#### [Work item]
Write out every line below that contains "unitmxE".

======== Data provided

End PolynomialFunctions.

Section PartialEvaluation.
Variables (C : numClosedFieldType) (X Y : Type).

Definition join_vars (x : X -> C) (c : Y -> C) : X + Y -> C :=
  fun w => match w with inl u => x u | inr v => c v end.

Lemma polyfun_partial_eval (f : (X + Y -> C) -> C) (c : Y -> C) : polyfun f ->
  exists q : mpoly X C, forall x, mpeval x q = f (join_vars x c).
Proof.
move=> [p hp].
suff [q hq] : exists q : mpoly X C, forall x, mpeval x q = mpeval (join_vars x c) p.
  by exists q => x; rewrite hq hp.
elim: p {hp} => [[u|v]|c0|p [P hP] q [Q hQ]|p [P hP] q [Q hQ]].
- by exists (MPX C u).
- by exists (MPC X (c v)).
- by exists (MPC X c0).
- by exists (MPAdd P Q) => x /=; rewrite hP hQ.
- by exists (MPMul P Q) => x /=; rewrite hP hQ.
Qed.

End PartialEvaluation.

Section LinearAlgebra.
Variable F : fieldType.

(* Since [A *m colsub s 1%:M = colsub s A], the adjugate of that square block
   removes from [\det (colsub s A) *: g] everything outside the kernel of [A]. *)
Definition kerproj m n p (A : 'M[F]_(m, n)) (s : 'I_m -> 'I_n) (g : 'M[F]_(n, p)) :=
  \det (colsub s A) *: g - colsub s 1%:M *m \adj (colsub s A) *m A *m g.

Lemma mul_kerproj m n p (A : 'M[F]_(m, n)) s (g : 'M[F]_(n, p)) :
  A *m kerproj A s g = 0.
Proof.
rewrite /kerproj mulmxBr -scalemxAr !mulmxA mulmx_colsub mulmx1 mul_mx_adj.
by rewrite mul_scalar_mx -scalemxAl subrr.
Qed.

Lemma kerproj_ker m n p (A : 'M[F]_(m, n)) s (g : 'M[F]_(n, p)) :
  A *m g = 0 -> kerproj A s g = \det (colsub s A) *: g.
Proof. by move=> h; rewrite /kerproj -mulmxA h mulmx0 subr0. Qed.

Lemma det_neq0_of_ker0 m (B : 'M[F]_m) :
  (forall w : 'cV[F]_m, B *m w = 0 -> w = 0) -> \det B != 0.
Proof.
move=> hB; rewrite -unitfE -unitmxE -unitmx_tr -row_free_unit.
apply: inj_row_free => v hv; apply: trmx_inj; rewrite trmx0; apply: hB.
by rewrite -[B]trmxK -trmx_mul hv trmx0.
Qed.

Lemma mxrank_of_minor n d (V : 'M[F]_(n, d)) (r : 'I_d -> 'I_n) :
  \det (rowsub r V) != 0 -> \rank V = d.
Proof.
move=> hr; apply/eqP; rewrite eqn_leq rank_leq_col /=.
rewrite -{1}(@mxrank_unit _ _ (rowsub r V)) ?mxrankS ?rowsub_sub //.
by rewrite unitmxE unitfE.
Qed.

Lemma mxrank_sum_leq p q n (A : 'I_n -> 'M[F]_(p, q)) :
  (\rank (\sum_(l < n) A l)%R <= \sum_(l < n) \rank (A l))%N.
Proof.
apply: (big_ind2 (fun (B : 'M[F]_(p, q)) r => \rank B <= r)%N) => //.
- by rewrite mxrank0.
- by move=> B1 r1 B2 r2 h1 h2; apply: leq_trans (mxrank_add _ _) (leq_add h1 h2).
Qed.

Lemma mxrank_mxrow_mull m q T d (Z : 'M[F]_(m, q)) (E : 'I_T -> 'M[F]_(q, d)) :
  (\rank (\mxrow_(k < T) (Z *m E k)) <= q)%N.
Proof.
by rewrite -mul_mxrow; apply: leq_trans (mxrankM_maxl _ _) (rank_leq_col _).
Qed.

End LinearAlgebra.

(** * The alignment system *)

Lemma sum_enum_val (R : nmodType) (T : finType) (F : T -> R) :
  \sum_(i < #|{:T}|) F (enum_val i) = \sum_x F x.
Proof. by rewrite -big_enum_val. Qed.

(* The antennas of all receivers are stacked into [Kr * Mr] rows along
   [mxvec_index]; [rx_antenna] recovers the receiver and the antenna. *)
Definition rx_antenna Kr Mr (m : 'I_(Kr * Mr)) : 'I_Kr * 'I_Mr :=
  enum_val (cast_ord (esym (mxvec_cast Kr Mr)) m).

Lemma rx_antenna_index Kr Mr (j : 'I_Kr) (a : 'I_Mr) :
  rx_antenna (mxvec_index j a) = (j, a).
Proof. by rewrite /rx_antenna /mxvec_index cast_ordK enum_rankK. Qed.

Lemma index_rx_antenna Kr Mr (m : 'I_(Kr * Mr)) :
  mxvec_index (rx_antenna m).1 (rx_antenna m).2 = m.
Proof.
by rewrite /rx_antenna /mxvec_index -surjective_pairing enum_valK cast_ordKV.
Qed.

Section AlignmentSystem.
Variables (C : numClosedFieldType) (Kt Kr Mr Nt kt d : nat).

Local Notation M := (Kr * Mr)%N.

================

#### [Response to this task]
move=> hB; rewrite -unitfE -unitmxE -unitmx_tr -row_free_unit.
by rewrite unitmxE unitfE.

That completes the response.